Existe no centro da cidade, numa rua pequena de prédios cor de chumbo, um café que permanece intocado pelo tempo. Desde que o conheço é o mesmo, o balcão marrom com a barra dourada para apoiar os pés, os espelhos laterais próximos das mesas de mármore, os cinzeiros de vidro transparente. Lá no fundo a escada em caracol que leva aos banheiros. Desconfio que seja o único – o último – lugar em toda a Porto Alegre onde ainda se pode fumar. Nunca fumei, mas quando venho aqui tenho vontade de fazê-lo e de me transformar num desses velhos de colete de lã, camisa xadrez e calça de linho. Eles formam o que eu chamo de assembléia dos anciãos da aldeia. Fumam e bebem café preto enquanto manuseiam o destino da humanidade como hábeis titereiros que são. Decidem se os planos e desejos dos homens se realizarão ou se tudo não passará de quimeras. Se a mulher de cabelos loiros, ainda molhados do banho, que caminha apressada levando a bolsa prensada contra o corpo, chegará ao serviço a tempo de evitar a segunda advertência no mês, ou se o chefe dela ficará preso no cruzamento entre a Rua Borges de Medeiros e a Avenida Ipiranga, devido ao acidente que ocorrerá se o caminhão de gás, que trafega na outra mão da avenida, esticar a velocidade de modo a pegar o último vapor de sinal amarelo, antes que ele se torne vermelho, e o menino de mochila preta, moletom e capuz na cabeça, coloque um dos pés, como é destro por instinto será esse, na listra branca da faixa de segurança. Talvez ele nem pense nisso, se devia ou não esperar os carros pararem em definitivo, porque a música que escuta no fone de ouvido é tão perfeita que tem o poder de fazê-lo sentir-se como se estivesse num filme e tudo a sua volta é inofensivo, que todos – o jornaleiro, os pedestres, os motoristas – também são atores e como ele sabem de antemão o que devem fazer. Talvez um pressentimento, uma sacudidela nos fios que o prendem, o faça parar e não prosseguir. A verdade é que ninguém sabe o que os velhos tramam, nem os motivos. Velhos demiurgos aposentados.
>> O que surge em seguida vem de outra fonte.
Lemma qf_holds_Z (e : list Z) (p : qf) : @qf_holds zchain_Z e p <-> qf_sat e p.
Proof.
  induction p; cbn [qf_holds qf_sat].
  - cbn. destruct (nth_error e i), (nth_error e j); reflexivity.
  - cbn. destruct (nth_error e i), (nth_error e j); lia || reflexivity.
  - reflexivity.
  - reflexivity.
  - rewrite IHp. reflexivity.
  - rewrite IHp1, IHp2. reflexivity.
  - rewrite IHp1, IHp2. reflexivity.
Qed.

Lemma qf_def_transfer (T : zchain) (phi : fo) (psi : qf) (b n : nat) :
  inhabited T -> qf_bound b psi ->
  (forall t : list Z, length t = n -> (fo_sat Z.lt t phi <-> qf_sat t psi)) ->
  forall e : list T, length e = n -> (fo_sat zlt e phi <-> qf_holds e psi).
Proof.
  intros Hinh Hb Hdef e He.
  set (N := 2 ^ Z.of_nat (fo_qdepth phi) + Z.of_nat b + 1).
  assert (HN : 0 < N) by (pose proof (pow2_pos (fo_qdepth phi)); unfold N; lia).
  destruct (@partial_iso_exists zchain_Z T e (inhabits 0) N HN) as [l [Hl <-]].
  assert (Hlen : length (map fst l) = n) by (rewrite length_map, <- He, length_map; reflexivity).
  rewrite <- (fo_sat_partial_iso phi zchain_Z T N l (inhabits 0) Hinh ltac:(unfold N; lia) Hl).
  rewrite <- (qf_holds_map_iff fst snd l b psi Hb).
  - rewrite qf_holds_Z. exact (Hdef _ Hlen).
  - intros x y k Hx Hy Hk.
    apply (partial_iso_zlt_sh N l); [exact Hl|exact Hx|exact Hy|unfold N; lia].
Qed.

Definition zchain_KZ (K : linorder) : zchain.
Proof.
  refine {| zc := KZ K; zlt := kz_lt K; zsh := fun x k => (fst x, snd x + k) |}.
  - intros x [h|[_ h]]; [exact (lo_irrefl K _ h)|lia].
  - intros x y z [h1|[e1 h1]] [h2|[e2 h2]].
    + left. exact (lo_trans K _ _ _ h1 h2).
    + left. rewrite <- e2. exact h1.
    + left. rewrite e1. exact h2.
    + right. split; [congruence|lia].
  - intros [x1 x2] [y1 y2]; unfold kz_lt; cbn.
    destruct (lo_total K x1 y1) as [h|[<-|h]]; [auto| |auto].
    destruct (Z.lt_trichotomy x2 y2) as [h|[<-|h]]; auto.
  - intros [x1 x2]. cbn. rewrite Z.add_0_r. reflexivity.
  - intros [x1 x2] a b. cbn. rewrite Z.add_assoc. reflexivity.
  - intros [x1 x2] a b. unfold kz_lt. cbn. split.
    + intros [h|[_ h]]; [destruct (lo_irrefl K _ h)|lia].
    + intro h. right. split; [reflexivity|lia].
  - intros [x1 x2] [y1 y2] Hy [h|[e h]] k; cbn in *; [left; exact h|].
    subst. destruct (Hy (y2 - x2)). f_equal. lia.
Defined.

#[warnings="-projection-no-head-constant"] Canonical zchain_KZ.

Lemma KZ_orbit_fst (K : linorder) (u v : KZ K) m : u = v ⊕ m -> fst u = fst v.
Proof. intros ->. reflexivity. Qed.

Lemma diff_is_zlt_sh (K : linorder) (u v u' v' : KZ K) k :
  (forall d, diff_is K u v d <-> diff_is K u' v' d) -> (u ≺ v ⊕ k <-> u' ≺ v' ⊕ k).
Proof.
  intro Hd. destruct (classic (fst u = fst v)) as [Hfst|Hfst].
  - assert (Hu : u = v ⊕ (snd u - snd v)).
    { destruct u, v. cbn in *. subst. f_equal. lia. }
    assert (Hu' : u' = v' ⊕ (snd u - snd v)) by exact (proj1 (Hd (Fin _)) Hu).
    rewrite Hu, Hu', !zlt_sh2. reflexivity.
  - assert (Hfar : forall (x y : KZ K) m, fst x <> fst y -> x <> y ⊕ m)
      by (intros x y m H E; exact (H (KZ_orbit_fst K _ _ _ E))).
    rewrite (zlt_sh_far_r _ u v k) by (intros m _; exact (Hfar _ _ m Hfst)).
    destruct (zlt_total _ u v) as [h|[h|h]]; [| exact (False_ind _ (Hfst (f_equal fst h)))|].
    + destruct (proj1 (Hd NInf) (conj Hfst h)) as [Hfst' h'].
      rewrite (zlt_sh_far_r _ u' v' k) by (intros m _; exact (Hfar _ _ m Hfst')). tauto.
    + destruct (proj1 (Hd PInf) (conj Hfst h)) as [Hfst' h'].
      rewrite (zlt_sh_far_r _ u' v' k) by (intros m _; exact (Hfar _ _ m Hfst')).
      split; intro h''; exfalso; [exact (zlt_asym _ _ _ h h'')|exact (zlt_asym _ _ _ h' h'')].
Qed.

Lemma sim_sym K1 K2 S q f g : sim K1 K2 S q f g -> sim K1 K2 S q g f.
Proof.
  intros [Hconn [Hdiff Hord]]. split; [|split].
  - intros x y. symmetry. apply Hconn.
  - intros x y H d. symmetry. apply Hdiff, Hconn, H.
  - intros x y H. symmetry. apply Hord. rewrite Hconn. exact H.
Qed.

Lemma sim_zlt_sh K1 K2 S q (f g : {x | S x} -> KZ K2) x y k :
  sim K1 K2 S q f g -> Z.abs k <= Z.of_nat q -> (f x ≺ f y ⊕ k <-> g x ≺ g y ⊕ k).
Proof.
  intros [Hconn [Hdiff Hord]] Hk.
  destruct (classic (connected K1 K2 S f q x y)) as [Hc|Hc].
  - apply diff_is_zlt_sh, Hdiff, Hc.
  - assert (Hc' : ~ connected K1 K2 S g q x y) by (rewrite <- Hconn; exact Hc).
    assert (Hfar : forall h : {x | S x} -> KZ K2, ~ connected K1 K2 S h q x y ->
                     forall m, Z.abs m <= Z.abs k -> h x <> h y ⊕ m).
    { intros h Hh m Hm E. apply Hh, rt_step. exists m. split; [exact E|lia]. }
    rewrite !zlt_sh_far_r by (apply Hfar; assumption).
    exact (Hord x y Hc).
Qed.

Lemma qf_bound_le d q psi : qf_bound d psi -> (d <= q)%nat -> qf_bound q psi.
Proof. induction psi; cbn; intuition lia. Qed.

Lemma qe_degree_def_bound G q : qe_degree G q -> forall i, qf_def_bound (defn G i) (arity G i) q.
Proof.
  intros [Hex [Hle _]] i. destruct (Hex i) as [d Hd].
  pose proof (Hle i d Hd) as Hdq. destruct Hd as [[psi [Hb Hpsi]] _].
  exists psi. split; [exact (qf_bound_le d q psi Hb Hdq)|exact Hpsi].
Qed.

Lemma is_hom_sim G q K1 K2 S (f g : {x | S x} -> KZ K2) :
  qe_degree G q -> sim K1 K2 S q f g -> is_hom K1 K2 S G f -> is_hom K1 K2 S G g.
Proof.
  intros Hq Hs Hf i t Ht Hsat.
  destruct (qe_degree_def_bound G q Hq i) as [psi [Hb Hpsi]].
  destruct t as [|s t']; [exact (Hf i nil Ht Hsat)|].
  (* The transfer to ℤ needs κ₂.ℤ inhabited, which a nonempty tuple provides. *)
  assert (Hinh : inhabited (KZ K2)) by exact (inhabits (f s)).
  assert (Hlen : forall h : {x | S x} -> KZ K2, length (map h (s :: t')) = arity G i)
    by (intro h; rewrite length_map; exact Ht).
  apply (qf_def_transfer _ _ psi q _ Hinh Hb Hpsi _ (Hlen g)).
  rewrite <- (qf_holds_map_iff f g (s :: t') q psi Hb)
    by (intros; apply (sim_zlt_sh K1 K2 S q f g); assumption).
  apply (qf_def_transfer _ _ psi q _ Hinh Hb Hpsi _ (Hlen f)).
  exact (Hf i _ Ht Hsat).
Qed.

Theorem mainTheorem6 (G : reduct) (q : nat) (K1 K2 : linorder)
  (S : KZ K1 -> Prop) (f g : {x | S x} -> KZ K2) :
  qe_degree G q -> sim K1 K2 S q f g ->
  (is_hom K1 K2 S G f <-> is_hom K1 K2 S G g).
Proof.
  intros Hq Hs. split; apply (is_hom_sim G q K1 K2 S _ _ Hq).
  - exact Hs.
  - exact (sim_sym _ _ _ _ _ _ Hs).
Qed.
Adoro vir aqui e tragar esse aroma de café e cigarro. O valor do expresso é justo e o copo de água mineral com gás é por conta da casa. As garçonetes são mulheres de meia-idade, simpáticas, donas de corpos que ainda exalam vitalidade, conforme o gosto da freguesia. A atendente do caixa é a mais jovem, uma balzaquiana de cabelos negros, olhos fulgurantes que me consomem como fogo em papel. Tenho vontade de convidá-la para sentar e tomar um café, mas confesso que a cantada está longe de ser original, ainda que honesta.
Os velhos não temem o tempo, aqui ele não os alcança, perde seu efeito ferruginoso. Sinto-me confortável entre eles. Imagino que me aceitam porque sabem que eu partilho de seus segredos e que venho observá-los porque um dia assumirei uma dessas cadeiras ou, talvez, eu já esteja aqui há tanto tempo que nem percebi. Talvez um outro eu ande por aí, prisioneiro das horas, correndo de um lado para o outro, tentando valer-se de algum indício de realidade. Talvez um dia ele passe em frente ao Ancien e imagino que não ficará surpreso ao me encontrar, pois o fato é que tem me procurado desde sempre. Os anciãos o conduzirão até a minha mesa e eu lhe pagarei um expresso á moda da casa.